» Material provided:

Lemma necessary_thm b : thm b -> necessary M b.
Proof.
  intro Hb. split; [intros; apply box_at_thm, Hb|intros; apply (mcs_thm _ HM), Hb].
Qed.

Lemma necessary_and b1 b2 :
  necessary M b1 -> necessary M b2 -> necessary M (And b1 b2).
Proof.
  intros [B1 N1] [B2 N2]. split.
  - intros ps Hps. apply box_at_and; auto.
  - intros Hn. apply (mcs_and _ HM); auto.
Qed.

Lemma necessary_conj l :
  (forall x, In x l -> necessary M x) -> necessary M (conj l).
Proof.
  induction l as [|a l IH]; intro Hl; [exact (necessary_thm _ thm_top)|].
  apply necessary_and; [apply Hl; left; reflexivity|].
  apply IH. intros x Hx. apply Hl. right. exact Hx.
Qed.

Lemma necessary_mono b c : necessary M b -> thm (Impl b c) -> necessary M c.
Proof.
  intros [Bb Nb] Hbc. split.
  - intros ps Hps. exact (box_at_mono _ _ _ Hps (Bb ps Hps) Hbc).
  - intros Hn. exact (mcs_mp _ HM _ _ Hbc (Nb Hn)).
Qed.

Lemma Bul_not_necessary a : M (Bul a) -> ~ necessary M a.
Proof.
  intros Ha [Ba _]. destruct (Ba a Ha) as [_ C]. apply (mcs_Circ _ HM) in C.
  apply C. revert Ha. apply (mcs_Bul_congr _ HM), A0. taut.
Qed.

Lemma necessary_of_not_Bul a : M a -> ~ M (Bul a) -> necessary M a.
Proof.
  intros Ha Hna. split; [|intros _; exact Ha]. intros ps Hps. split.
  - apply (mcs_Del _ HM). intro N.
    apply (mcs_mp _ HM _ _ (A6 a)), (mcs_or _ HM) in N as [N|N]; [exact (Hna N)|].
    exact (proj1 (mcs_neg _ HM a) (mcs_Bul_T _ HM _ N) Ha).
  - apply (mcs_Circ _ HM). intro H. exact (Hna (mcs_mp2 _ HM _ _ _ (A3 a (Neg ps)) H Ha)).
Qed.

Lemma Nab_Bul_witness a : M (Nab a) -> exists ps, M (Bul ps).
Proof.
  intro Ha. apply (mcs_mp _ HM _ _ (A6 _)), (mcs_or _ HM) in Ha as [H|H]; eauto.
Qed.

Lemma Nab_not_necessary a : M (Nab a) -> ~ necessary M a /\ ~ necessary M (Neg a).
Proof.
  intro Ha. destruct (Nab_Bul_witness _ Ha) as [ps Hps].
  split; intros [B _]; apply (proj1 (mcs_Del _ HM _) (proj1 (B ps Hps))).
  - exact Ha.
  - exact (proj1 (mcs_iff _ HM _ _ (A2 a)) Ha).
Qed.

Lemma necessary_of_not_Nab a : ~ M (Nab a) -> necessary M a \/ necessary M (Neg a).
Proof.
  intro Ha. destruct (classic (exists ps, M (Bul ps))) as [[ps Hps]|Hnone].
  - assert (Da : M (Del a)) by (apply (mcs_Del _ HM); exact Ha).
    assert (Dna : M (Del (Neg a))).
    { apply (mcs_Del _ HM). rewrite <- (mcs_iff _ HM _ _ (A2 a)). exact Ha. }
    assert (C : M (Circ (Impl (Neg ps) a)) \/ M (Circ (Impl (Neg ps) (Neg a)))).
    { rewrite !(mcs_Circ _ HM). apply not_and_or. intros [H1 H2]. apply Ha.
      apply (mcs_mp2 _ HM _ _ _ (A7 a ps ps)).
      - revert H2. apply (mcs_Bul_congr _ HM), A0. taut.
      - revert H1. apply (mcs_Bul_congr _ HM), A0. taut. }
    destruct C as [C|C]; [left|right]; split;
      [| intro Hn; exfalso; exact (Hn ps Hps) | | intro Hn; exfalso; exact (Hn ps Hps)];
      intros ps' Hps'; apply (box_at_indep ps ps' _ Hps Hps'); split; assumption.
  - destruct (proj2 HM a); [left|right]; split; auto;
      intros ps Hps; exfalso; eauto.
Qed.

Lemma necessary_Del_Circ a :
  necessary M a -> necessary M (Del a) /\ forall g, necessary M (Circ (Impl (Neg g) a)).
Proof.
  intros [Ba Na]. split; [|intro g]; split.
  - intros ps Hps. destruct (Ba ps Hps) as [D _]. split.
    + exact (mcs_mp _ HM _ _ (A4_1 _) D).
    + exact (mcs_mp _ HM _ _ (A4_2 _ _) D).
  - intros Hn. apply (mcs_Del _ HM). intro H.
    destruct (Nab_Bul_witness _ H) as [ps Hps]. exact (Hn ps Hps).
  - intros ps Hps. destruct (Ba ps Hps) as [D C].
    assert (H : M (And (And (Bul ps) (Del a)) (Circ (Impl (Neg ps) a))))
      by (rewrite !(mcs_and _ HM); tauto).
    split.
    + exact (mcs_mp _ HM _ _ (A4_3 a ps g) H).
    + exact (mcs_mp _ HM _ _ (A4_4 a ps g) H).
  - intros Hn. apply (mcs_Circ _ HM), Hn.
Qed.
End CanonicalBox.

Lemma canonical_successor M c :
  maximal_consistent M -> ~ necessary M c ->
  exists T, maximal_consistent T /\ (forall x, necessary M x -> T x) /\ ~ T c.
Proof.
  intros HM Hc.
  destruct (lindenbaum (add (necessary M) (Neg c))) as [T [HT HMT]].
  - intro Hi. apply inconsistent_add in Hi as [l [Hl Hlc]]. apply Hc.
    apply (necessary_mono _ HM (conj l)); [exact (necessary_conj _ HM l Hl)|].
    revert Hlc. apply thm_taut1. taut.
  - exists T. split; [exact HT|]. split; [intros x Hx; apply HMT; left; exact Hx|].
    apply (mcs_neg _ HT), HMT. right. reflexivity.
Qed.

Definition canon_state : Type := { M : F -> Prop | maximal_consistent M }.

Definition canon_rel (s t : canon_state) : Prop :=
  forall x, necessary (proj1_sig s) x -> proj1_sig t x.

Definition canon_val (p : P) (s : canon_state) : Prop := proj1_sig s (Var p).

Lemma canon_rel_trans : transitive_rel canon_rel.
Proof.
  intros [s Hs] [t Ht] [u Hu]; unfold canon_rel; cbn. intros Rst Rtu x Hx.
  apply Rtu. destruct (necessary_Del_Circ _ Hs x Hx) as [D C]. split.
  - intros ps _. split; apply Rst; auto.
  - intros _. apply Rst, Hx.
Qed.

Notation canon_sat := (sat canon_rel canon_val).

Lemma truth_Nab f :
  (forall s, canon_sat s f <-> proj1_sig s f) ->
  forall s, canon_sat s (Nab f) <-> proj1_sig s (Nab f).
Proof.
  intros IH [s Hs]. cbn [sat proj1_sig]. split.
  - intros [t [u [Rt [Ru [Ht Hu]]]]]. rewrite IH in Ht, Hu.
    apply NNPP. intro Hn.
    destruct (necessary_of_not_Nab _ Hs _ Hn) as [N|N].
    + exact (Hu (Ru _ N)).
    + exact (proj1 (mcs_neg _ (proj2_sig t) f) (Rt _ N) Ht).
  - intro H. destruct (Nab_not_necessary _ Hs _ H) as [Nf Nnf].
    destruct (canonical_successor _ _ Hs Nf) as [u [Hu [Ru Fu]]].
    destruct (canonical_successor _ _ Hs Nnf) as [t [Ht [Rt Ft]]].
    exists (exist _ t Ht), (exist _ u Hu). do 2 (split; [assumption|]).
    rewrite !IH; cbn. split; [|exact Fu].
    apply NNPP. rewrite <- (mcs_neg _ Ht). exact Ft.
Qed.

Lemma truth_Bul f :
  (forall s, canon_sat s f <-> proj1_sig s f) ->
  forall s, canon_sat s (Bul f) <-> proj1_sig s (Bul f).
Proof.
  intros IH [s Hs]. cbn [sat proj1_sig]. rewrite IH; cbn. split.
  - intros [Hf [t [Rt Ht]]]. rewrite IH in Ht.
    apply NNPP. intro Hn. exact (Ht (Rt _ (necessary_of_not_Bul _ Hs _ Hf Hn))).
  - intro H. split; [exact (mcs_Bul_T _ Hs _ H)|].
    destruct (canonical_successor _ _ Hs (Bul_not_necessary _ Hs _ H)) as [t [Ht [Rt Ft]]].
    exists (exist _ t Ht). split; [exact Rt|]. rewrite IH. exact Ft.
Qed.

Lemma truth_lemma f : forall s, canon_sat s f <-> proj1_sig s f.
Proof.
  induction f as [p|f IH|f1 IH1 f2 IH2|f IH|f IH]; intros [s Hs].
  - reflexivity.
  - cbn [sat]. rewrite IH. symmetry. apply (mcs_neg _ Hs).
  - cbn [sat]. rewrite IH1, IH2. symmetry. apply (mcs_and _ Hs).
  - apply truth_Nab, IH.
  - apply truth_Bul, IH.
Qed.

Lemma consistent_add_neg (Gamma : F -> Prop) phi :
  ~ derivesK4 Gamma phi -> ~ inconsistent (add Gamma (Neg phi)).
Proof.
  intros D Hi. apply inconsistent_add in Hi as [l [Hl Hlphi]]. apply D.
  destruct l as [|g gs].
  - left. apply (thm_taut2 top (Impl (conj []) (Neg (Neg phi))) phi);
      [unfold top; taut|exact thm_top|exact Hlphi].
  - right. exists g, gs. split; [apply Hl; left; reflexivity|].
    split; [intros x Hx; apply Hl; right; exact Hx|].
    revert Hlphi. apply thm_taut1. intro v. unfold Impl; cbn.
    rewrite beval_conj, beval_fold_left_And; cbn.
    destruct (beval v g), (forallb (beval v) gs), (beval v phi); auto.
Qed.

» Exercise details:
The lines above that hold the word "Gamma" are the ones to copy.

» Exercise answer:
Lemma consistent_add_neg (Gamma : F -> Prop) phi :
  ~ derivesK4 Gamma phi -> ~ inconsistent (add Gamma (Neg phi)).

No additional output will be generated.